Assignment »
Going through the listing below, work out how many lines include "Hadm" and give that number by itself.

Supplied records »
★ ★ ★ ★

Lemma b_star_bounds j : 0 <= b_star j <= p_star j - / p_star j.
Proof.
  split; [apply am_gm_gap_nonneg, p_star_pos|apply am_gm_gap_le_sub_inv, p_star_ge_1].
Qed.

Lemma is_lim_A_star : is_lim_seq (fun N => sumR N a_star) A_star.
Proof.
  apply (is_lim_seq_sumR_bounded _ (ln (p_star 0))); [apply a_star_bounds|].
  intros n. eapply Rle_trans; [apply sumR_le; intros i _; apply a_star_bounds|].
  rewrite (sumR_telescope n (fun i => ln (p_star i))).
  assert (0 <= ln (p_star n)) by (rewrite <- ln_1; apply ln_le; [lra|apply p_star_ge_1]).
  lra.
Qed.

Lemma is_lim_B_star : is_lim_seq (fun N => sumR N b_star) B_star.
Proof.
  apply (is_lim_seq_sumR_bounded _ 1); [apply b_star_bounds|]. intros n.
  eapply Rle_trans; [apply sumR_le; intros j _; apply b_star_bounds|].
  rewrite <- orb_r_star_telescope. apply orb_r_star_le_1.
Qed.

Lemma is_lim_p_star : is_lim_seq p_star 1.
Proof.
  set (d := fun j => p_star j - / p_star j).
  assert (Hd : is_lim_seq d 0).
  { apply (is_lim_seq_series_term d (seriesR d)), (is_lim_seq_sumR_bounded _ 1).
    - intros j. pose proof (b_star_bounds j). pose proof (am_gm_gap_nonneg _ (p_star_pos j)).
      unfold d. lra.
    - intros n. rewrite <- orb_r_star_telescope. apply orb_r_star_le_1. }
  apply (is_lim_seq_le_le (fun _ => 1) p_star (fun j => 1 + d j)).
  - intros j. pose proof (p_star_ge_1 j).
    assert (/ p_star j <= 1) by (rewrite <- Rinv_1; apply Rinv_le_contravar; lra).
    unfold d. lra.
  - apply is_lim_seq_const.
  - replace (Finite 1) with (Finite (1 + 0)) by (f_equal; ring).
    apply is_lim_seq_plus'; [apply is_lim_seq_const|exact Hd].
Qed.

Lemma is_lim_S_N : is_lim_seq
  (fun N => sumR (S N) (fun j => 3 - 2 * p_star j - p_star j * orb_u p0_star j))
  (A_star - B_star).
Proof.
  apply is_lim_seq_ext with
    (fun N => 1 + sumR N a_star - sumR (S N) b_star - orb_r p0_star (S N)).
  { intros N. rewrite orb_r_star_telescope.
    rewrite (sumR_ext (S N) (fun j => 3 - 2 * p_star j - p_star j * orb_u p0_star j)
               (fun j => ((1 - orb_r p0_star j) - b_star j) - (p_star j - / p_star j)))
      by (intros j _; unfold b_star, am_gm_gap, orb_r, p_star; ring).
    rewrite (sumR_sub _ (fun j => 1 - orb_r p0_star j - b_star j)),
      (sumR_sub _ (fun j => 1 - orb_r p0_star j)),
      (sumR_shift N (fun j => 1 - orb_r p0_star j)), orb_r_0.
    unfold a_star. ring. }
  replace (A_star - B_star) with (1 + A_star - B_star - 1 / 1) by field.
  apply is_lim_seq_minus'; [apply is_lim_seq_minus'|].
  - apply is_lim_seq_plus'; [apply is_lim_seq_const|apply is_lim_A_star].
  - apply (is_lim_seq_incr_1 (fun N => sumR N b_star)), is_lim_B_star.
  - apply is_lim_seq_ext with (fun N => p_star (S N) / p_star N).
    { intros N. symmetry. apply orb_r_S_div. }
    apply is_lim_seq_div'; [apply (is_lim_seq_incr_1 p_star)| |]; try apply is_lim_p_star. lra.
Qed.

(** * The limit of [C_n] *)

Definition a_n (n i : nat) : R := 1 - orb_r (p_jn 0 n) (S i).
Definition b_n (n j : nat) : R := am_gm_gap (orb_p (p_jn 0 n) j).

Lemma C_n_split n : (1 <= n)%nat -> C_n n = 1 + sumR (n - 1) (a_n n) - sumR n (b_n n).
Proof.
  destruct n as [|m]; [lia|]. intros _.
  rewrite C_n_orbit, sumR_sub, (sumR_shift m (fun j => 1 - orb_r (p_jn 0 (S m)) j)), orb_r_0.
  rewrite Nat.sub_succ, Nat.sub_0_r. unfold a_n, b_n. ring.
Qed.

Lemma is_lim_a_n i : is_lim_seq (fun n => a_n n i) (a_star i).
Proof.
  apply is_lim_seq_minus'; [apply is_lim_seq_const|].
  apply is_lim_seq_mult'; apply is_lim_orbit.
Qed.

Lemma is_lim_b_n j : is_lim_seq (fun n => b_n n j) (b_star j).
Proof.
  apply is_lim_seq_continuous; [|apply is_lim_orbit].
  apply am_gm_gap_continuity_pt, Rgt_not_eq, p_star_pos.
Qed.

★ ★ ★ ★

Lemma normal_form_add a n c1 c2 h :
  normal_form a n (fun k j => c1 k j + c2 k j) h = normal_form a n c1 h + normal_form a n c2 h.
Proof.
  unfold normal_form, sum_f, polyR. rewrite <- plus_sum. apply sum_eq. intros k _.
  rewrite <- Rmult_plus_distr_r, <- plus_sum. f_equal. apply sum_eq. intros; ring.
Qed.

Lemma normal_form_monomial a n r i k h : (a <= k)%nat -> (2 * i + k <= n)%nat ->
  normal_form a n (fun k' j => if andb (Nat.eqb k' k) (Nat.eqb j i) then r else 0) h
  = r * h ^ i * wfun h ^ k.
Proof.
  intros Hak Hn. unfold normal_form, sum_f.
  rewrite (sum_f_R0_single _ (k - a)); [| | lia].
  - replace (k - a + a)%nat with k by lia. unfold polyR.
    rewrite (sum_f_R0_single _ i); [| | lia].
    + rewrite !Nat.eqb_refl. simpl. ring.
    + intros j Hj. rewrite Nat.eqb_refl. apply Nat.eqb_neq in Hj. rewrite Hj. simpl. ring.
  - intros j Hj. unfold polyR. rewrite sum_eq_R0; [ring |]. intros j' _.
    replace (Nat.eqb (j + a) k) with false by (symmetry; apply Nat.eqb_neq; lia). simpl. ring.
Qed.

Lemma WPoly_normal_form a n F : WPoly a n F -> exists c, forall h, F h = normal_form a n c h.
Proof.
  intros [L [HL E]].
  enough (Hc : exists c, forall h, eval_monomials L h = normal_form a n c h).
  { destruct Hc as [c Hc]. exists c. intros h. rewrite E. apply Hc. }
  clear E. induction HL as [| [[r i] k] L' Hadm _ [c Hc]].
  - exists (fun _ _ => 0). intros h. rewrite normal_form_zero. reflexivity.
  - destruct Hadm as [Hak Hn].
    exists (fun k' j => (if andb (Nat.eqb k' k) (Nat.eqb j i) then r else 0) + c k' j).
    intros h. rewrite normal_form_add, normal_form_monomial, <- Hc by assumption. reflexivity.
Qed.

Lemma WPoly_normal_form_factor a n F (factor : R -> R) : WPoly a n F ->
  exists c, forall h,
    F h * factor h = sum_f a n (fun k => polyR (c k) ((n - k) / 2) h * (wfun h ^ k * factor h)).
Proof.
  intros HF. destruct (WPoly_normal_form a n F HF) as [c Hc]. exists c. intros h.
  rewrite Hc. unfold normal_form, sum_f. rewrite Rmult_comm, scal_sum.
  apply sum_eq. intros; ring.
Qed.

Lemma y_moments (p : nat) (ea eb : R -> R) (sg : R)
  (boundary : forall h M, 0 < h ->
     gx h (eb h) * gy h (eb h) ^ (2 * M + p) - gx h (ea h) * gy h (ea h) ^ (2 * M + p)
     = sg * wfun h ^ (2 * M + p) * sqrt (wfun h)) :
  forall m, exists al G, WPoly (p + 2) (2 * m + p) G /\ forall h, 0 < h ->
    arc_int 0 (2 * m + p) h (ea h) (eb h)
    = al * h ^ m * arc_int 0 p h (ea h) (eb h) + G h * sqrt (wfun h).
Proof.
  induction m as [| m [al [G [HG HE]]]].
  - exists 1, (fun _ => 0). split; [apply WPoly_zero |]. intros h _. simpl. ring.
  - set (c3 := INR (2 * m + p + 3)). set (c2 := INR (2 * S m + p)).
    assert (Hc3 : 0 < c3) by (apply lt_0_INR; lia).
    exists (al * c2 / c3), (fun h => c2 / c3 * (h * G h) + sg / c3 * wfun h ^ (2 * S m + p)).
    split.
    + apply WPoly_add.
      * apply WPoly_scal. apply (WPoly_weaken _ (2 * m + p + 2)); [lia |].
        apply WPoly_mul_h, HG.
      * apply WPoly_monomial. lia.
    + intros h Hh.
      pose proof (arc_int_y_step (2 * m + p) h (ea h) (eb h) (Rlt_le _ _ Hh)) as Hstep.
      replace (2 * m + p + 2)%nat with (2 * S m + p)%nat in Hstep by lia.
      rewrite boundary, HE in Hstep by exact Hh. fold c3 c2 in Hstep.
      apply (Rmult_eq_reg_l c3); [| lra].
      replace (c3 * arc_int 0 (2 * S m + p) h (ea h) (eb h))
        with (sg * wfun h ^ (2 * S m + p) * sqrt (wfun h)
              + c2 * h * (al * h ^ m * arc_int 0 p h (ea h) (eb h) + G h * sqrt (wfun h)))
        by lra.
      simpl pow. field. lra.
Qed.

★ ★ ★ ★

Response to this task »
2